Indoor 3D reconstruction of buildings from point clouds
Due to the COVID-19 crisis measures the PhD defence of Shayan Nikoohemat will take place (partly) online in the presence of an invited audience.
The PhD defence can be followed by a live stream.
Shayan Nikoohemat is a PhD student in the Department of Earth Observation Science (EOS). His supervisor is prof.dr.ir.
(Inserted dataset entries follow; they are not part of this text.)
(* Comparison with the flux of the constant right-hand side [C]: this is the source of
   the factor [1 / (m + 1)] that makes [dphi_dv] positive. *)
Lemma phi_dv_le (t C : R) : 0 < t < Rr -> (forall u, 0 < u < t -> rhs u <= C) ->
  phi_dv t <= t * C / INR (S m).
Proof.
  intros Ht HC.
  assert (HN : 0 < INR (S m)) by (apply lt_0_INR; lia).
  assert (Hpoly : forall x, is_derive (fun u => u ^ S m * C / INR (S m)) x (x ^ m * C)).
  { intro x. auto_derive; [trivial|].
    change (match m with 0%nat => 1 | S _ => INR m + 1 end) with (INR (S m)). field. lra. }
  set (F := fun u => u ^ S m * C / INR (S m) - flux u).
  destruct (mvt_closed F (fun u => u ^ m * C - u ^ m * rhs u) 0 t) as [c [Hc Hmvt]].
  - lra.
  - intros x Hx. exact (is_derive_minus _ _ x _ _ (Hpoly x) (flux_derive x ltac:(lra))).
  - apply cont_within_minus.
    + apply continuous_cont_within, (ex_derive_continuous (V := R_NormedModule)).
      exists (0 ^ m * C). apply Hpoly.
    + apply (cont_within_subset D); [intros u Hu; unfold D; lra | exact flux_cont_0].
  - apply (is_derive_cont_within _ _ _ (t ^ m * C - t ^ m * rhs t)).
    exact (is_derive_minus _ _ t _ _ (Hpoly t) (flux_derive t Ht)).
  - assert (HF0 : F 0 = 0) by (unfold F; rewrite flux_0, pow_i by lia; unfold Rdiv; ring).
    assert (HFt : 0 <= F t).
    { assert (HCc := HC c Hc). assert (0 < c ^ m) by (apply pow_lt; lra).
      assert (0 <= (c ^ m * C - c ^ m * rhs c) * (t - 0)) by (apply Rmult_le_pos; nra).
      lra. }
    unfold F, flux in HFt. change (t ^ S m) with (t * t ^ m) in HFt. fold (phi_dv t) in HFt.
    assert (Htm : 0 < t ^ m) by (apply pow_lt; lra).
    apply (Rmult_le_reg_l (t ^ m) _ _ Htm).
    replace (t ^ m * (t * C / INR (S m))) with (t * t ^ m * C / INR (S m)) by (field; lra).
    lra.
Qed.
M.G. Vosselman from the Faculty of Geo-Information Science and Earth Observation (ITC).
The developments of 3D acquisition systems for indoor environments has increased in last year. Among them, the emerge of mobile laser scanners (MLS) and low-cost sensors for scanning interiors of large buildings and providing 3D scans (point clouds and RGBD images) enable architects, engineers, and managers to access affordable digital twins of the buildings in a short time. However, such improvements come at the cost of tackling a large amount of data in forms of point clouds and images. Users in the architecture, engineering, and construction (AEC) domain prefer a compact and light version digital representation of buildings instead of a large number of point clouds. Thus, the problem of designing (semi-) automatic methods for converting 3D scans to semantically rich 3D models raised in recent years. In the literature, this problem is addressed as scan-to-bim (Building Information Models) and as-is vs. as-built. However, this manuscript tries to go beyond providing just a BIM model by also studying the best practices to keep such 3D models up-to-date, and monitoring the changes during the building lifetime as well as investigating the compliance of the output with the standards and applications.
This thesis has three main parts: the first part, explains the motivation of this PhD work, provides a review of current data acquisition devices and 3D indoor standards and the modeling methods in the related work, and summarizes the open challenges. In the second part (chapters 3 and 4), the main pipeline for indoor 3D reconstruction from point clouds is further developed and discussed. The last part, including chapter 5 and 6, investigates the considerations need to be taken after the creation of a 3D model from scans. This contains consistency control and compliance of 3D models with indoor standards (IndoorGML and IFC). Furthermore, monitoring the changes of buildings without the need to scan the whole complex after each renovation and discovering the type of changes (temporary or structural changes) are described in this last part.
The goal of this research is not only creating 3D models from point clouds but advancing the state-of-the-art and tackling the shortcomings of previous research. In this regard, addressing open challenges such as incomplete data because of cluttered environment, fictitious data because of reflective surfaces, modeling of non-Manhattan World structures and avoiding the assumptions of vertical walls and horizontal ceilings were main concerns of our work. Four objectives are proposed to engage in these open problems: semantic labeling, geometric modeling, watertight 3D model reconstruction, and consistency control of 3D models. The first objective contributes to the problem of the classification of indoor point clouds. The proposed solutions aim at discerning the permanent structures, including three classes of walls, floor and ceilings, from the clutter (noise and furniture). Several heuristic methods with the support of creating an adjacency graph are developed which exploits the topology of manmade structures. The solutions prove that the trajectory of the mobile laser scanner is beneficial in understanding the indoor scenes. The result of semantic labeling reaches an accuracy of an average 95% for permanent structures, tested in six different use cases with complex architectures and a high amount of glass surfaces and clutter.
Moreover, for disaster management applications, methods are developed for modeling stairs in multistory buildings, modeling furniture as obstacles, and adding doors. These are supported by a fine-grained space subdivision based on the enclosure of space, i.e. the connection of walls, floors and ceilings form a closed space. Space subdivisions are further divided into subspaces by including the furniture in the process. Finally, we demonstrate the robustness of our algorithms on four complex multistory buildings. The contributions of this part are modeling the interiors with and without the furniture for advanced navigation networks and modeling both volumetric walls (complying with BIM models) and volumetric spaces (complying with IndoorGML models). By comparing our models with handcrafted BIM models, we showed that our pipeline reaches an accuracy of 90% in modeling the rooms and doors and this includes detecting some of the closed doors. Unlike other related works that use 3D models only for BIM or for navigation purposes, our results demonstrate real-world examples from point clouds (no synthetic model) for both applications.
As a conclusion, the methods developed in this research show that there is a great potential in the automation of scan-to-bim and creating as-is models even from complex architectures. The future work should be dedicated to adding level-of-details such as the type of furniture and function of the rooms. Another line of research can be applying deep learning methods for early-stage classification of the point clouds before the modeling step. Moreover, stitching indoor 3D models to the exterior model of buildings provides a seamless reconstruction of large-scale city 3D models.